Exciting news for all image editing enthusiasts! The highly anticipated DragGAN code has finally been released and is now available under the CC-BY-NC license. With DragGAN, gone are the days of complex editing processes and painstaking adjustments. This remarkable solution introduces a whole new level of simplicity by allowing you to effortlessly drag elements within an image to transform their appearance. Drawing inspiration from the powerful StyleGAN3 and StyleGAN-Human models, DragGAN empowers users to manipulate various aspects of an image, whether it’s altering the dimensions of a car, modifying facial expressions, or even rotating the image as if it were a 3D model.
In this article, we will go through the basics of DragGAN and try it out using Google Colab.
Getting Started
Table of contents
- Introduction to GAN
- Types of GAN
- StyleGAN3 and StyleGAN-Human
- Applications of GAN
- DragGAN
- How to use it
Introduction to GAN
A generative adversarial network (GAN) is a special kind of machine learning model that uses two neural networks to compete with each other. These neural networks, called the generator and the discriminator, work together in a game-like manner to improve their skills. The generator tries to create realistic data that looks like the real thing, while the discriminator tries to figure out which data is real and which is fake. They learn from each other’s successes and failures, making the generator better at creating convincing fake data and the discriminator better at spotting fakes. GANs are used to make computer-generated images, videos, and other types of data that look very similar to what humans create.
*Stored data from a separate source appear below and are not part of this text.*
(* For all graphs $G$ and $H$, \[\bar{\vartheta}(G \times H) = \min\{\bar{\vartheta}(G), \bar{\vartheta}(H)\}.\]
   Context: Graphs are finite, simple and undirected. The categorical product $G\times H$ has vertex set $V(G)\times V(H)$, with $(u_1,v_1)\sim(u_2,v_2)$ iff $u_1\sim u_2$ and $v_1\sim v_2$. For a real $k>1$, a strict vector $k$-coloring of a graph $G$ is a map $\varphi$ from $V(G)$ to the unit sphere of some $\mathbb{R}^{d}$ such that $\varphi(u)^T\varphi(v) = -\frac{1}{k-1}$ whenever $u\sim v$. The strict vector chromatic number $\bar{\vartheta}(G)$ is the infimum of real $k>1$ such that $G$ admits a strict vector $k$-coloring; equivalently, $\bar{\vartheta}(G)=\vartheta(\overline{G})$, the Lovász theta function of the complement of $G$. *)

From HB Require Import structures.
From mathcomp Require Import all_boot all_order all_algebra.
From mathcomp Require Import boolp classical_sets reals.
Set Implicit Arguments. Unset Strict Implicit. Unset Printing Implicit Defensive.
Import Order.TTheory GRing.Theory Num.Theory.
Local Open Scope ring_scope.
Local Open Scope classical_set_scope.

Definition simple_graph (T : finType) (e : rel T) : Prop :=
  symmetric e /\ irreflexive e.

Definition cat_prod (T1 T2 : finType) (e1 : rel T1) (e2 : rel T2)
  : rel (T1 * T2)%type :=
  fun x y => e1 x.1 y.1 && e2 x.2 y.2.

Definition dotv (R : realType) (d : nat) (u v : 'rV[R]_d) : R :=
  (u *m v^T) 0 0.

Definition strict_vector_coloring (R : realType) (T : finType) (e : rel T)
  (k : R) (d : nat) (phi : T -> 'rV[R]_d) : Prop :=
  (forall u, dotv (phi u) (phi u) = 1) /\
  (forall u v, e u v -> dotv (phi u) (phi v) = - (k - 1)^-1).

Definition svchi (R : realType) (T : finType) (e : rel T) : R :=
  inf [set k : R | 1 < k /\
         exists (d : nat) (phi : T -> 'rV[R]_d), strict_vector_coloring e k phi].

From mathcomp Require Import all_boot all_order all_algebra.
From mathcomp Require Import ring lra.
From mathcomp Require Import boolp classical_sets reals topology normedtype derive.
Import numFieldNormedType.Exports.
Import Order.TTheory GRing.Theory Num.Theory.
Local Open Scope ring_scope.
Set Implicit Arguments. Unset Strict Implicit. Unset Printing Implicit Defensive.

(* If G has a strict vector k-coloring, composing it with the first projection colors
   G x H, so svchi (G x H) <= min (svchi G, svchi H).

   Conversely, let G x H have a strict vector k-coloring and suppose k < k' < svchi G,
   svchi H. As G has no strict vector k'-coloring, the compact convex set of trace-one psd
   matrices, restricted to the diagonal and the edges, misses the line through the pattern
   [I - A / (k' - 1)]; the residual at a point of minimal distance is a separating
   hyperplane. Rescaling it gives a dual certificate: a symmetric P supported on the edges,
   with I + P psd and largest eigenvalue p >= k' - 1, nearly attained by a unit vector v.
   Take (Q, q, w) likewise for H. The matrix max(p, q) (I x I) + P x Q is a
   nonnegative combination of tensor products of the psd matrices p I - P, I + P,
   q I - Q, I + Q, so pairing it with the Gram matrix of the coloring rescaled by v x w gives
   0 <= max(p, q) - (v^T P v) (w^T Q w) / (k - 1), which fails because v^T P v and w^T Q w
   are close to p, q >= k' - 1 > k - 1. *)

Lemma ler_sum_term (R : realType) (I : finType) (F : I -> R) i0 :
  (forall i, 0 <= F i) -> F i0 <= \sum_i F i.
Proof.
move=> F0; rewrite (bigD1 i0) //= -{1}[F i0]addr0 lerD2l.
by apply: sumr_ge0 => i _.
Qed.

Section DotProduct.
Variable R : realType.

Lemma dotvE d (u v : 'rV[R]_d) : dotv u v = \sum_k u 0 k * v 0 k.
Proof. by rewrite /dotv !mxE; apply: eq_bigr => k _; rewrite mxE. Qed.

Lemma dotvZ d (a b : R) (u v : 'rV[R]_d) : dotv (a *: u) (b *: v) = a * b * dotv u v.
Proof. by rewrite !dotvE big_distrr /=; apply: eq_bigr => k _; rewrite !mxE; ring. Qed.

Lemma dot0v d (v : 'rV[R]_d) : dotv 0 v = 0.
Proof. by rewrite dotvE big1 // => k _; rewrite mxE mul0r. Qed.

Lemma dotv_row_mx d1 d2 (a c : 'rV[R]_d1) (b f : 'rV[R]_d2) :
  dotv (row_mx a b) (row_mx c f) = dotv a c + dotv b f.
Proof.
rewrite !dotvE big_split_ord /=.
by congr (_ + _); apply: eq_bigr => k _; rewrite ?row_mxEl ?row_mxEr.
Qed.

Lemma dotv_const (a b : R) : dotv (const_mx a : 'rV[R]_1) (const_mx b) = a * b.
Proof. by rewrite dotvE big_ord1 !mxE. Qed.

End DotProduct.

Section QuadraticForms.
Variables (R : realType) (T : finType).
Implicit Types (M : T -> T -> R) (x y : T -> R).

Definition bil M x y := \sum_u \sum_w x u * y w * M u w.
Definition qf M x := bil M x x.
Definition psd M := forall x, 0 <= qf M x.
Definition symm M := forall u w, M u w = M w u.
Definition sqnorm x := \sum_u x u ^+ 2.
Image source: Overview of GAN Structure | Machine Learning | Google for Developers
GANs can generate high-quality, realistic data that exhibits similar characteristics to the training dataset. GANs have found applications in various fields, including image synthesis, video generation, text-to-image translation, and more.
Types of GAN
GANs come in different types. Let’s explore some common GAN variants:
- Vanilla GAN: This is the simplest type of GAN, consisting of a generator and a discriminator. The generator creates images while the discriminator determines if an image is real or fake.
- Deep Convolutional GAN (DCGAN): DCGAN employs deep convolutional neural networks to generate high-resolution and distinguishable images. Convolutional layers extract important details from the data, making it effective for image generation tasks.
- Progressive GAN: The generator starts by producing low-resolution images, and as the training progresses, it adds more details in subsequent layers. This approach enables faster training compared to non-progressive GANs and results in higher resolution images being generated.
- Conditional GAN: This type of GAN allows the network to be conditioned on specific information, such as class labels. It helps the GAN learn to differentiate between different classes by training with labeled images.
- CycleGAN: This type of GAN is often used for image style transfer, enabling the transformation between different image styles. For example, it can convert images from winter to summer or from a horse to a zebra. Applications like FaceApp utilize CycleGAN to alter facial appearances.
- Super Resolution GAN: This GAN type enhances low-resolution images by generating higher-resolution versions. It fills in missing details, improving the overall image quality.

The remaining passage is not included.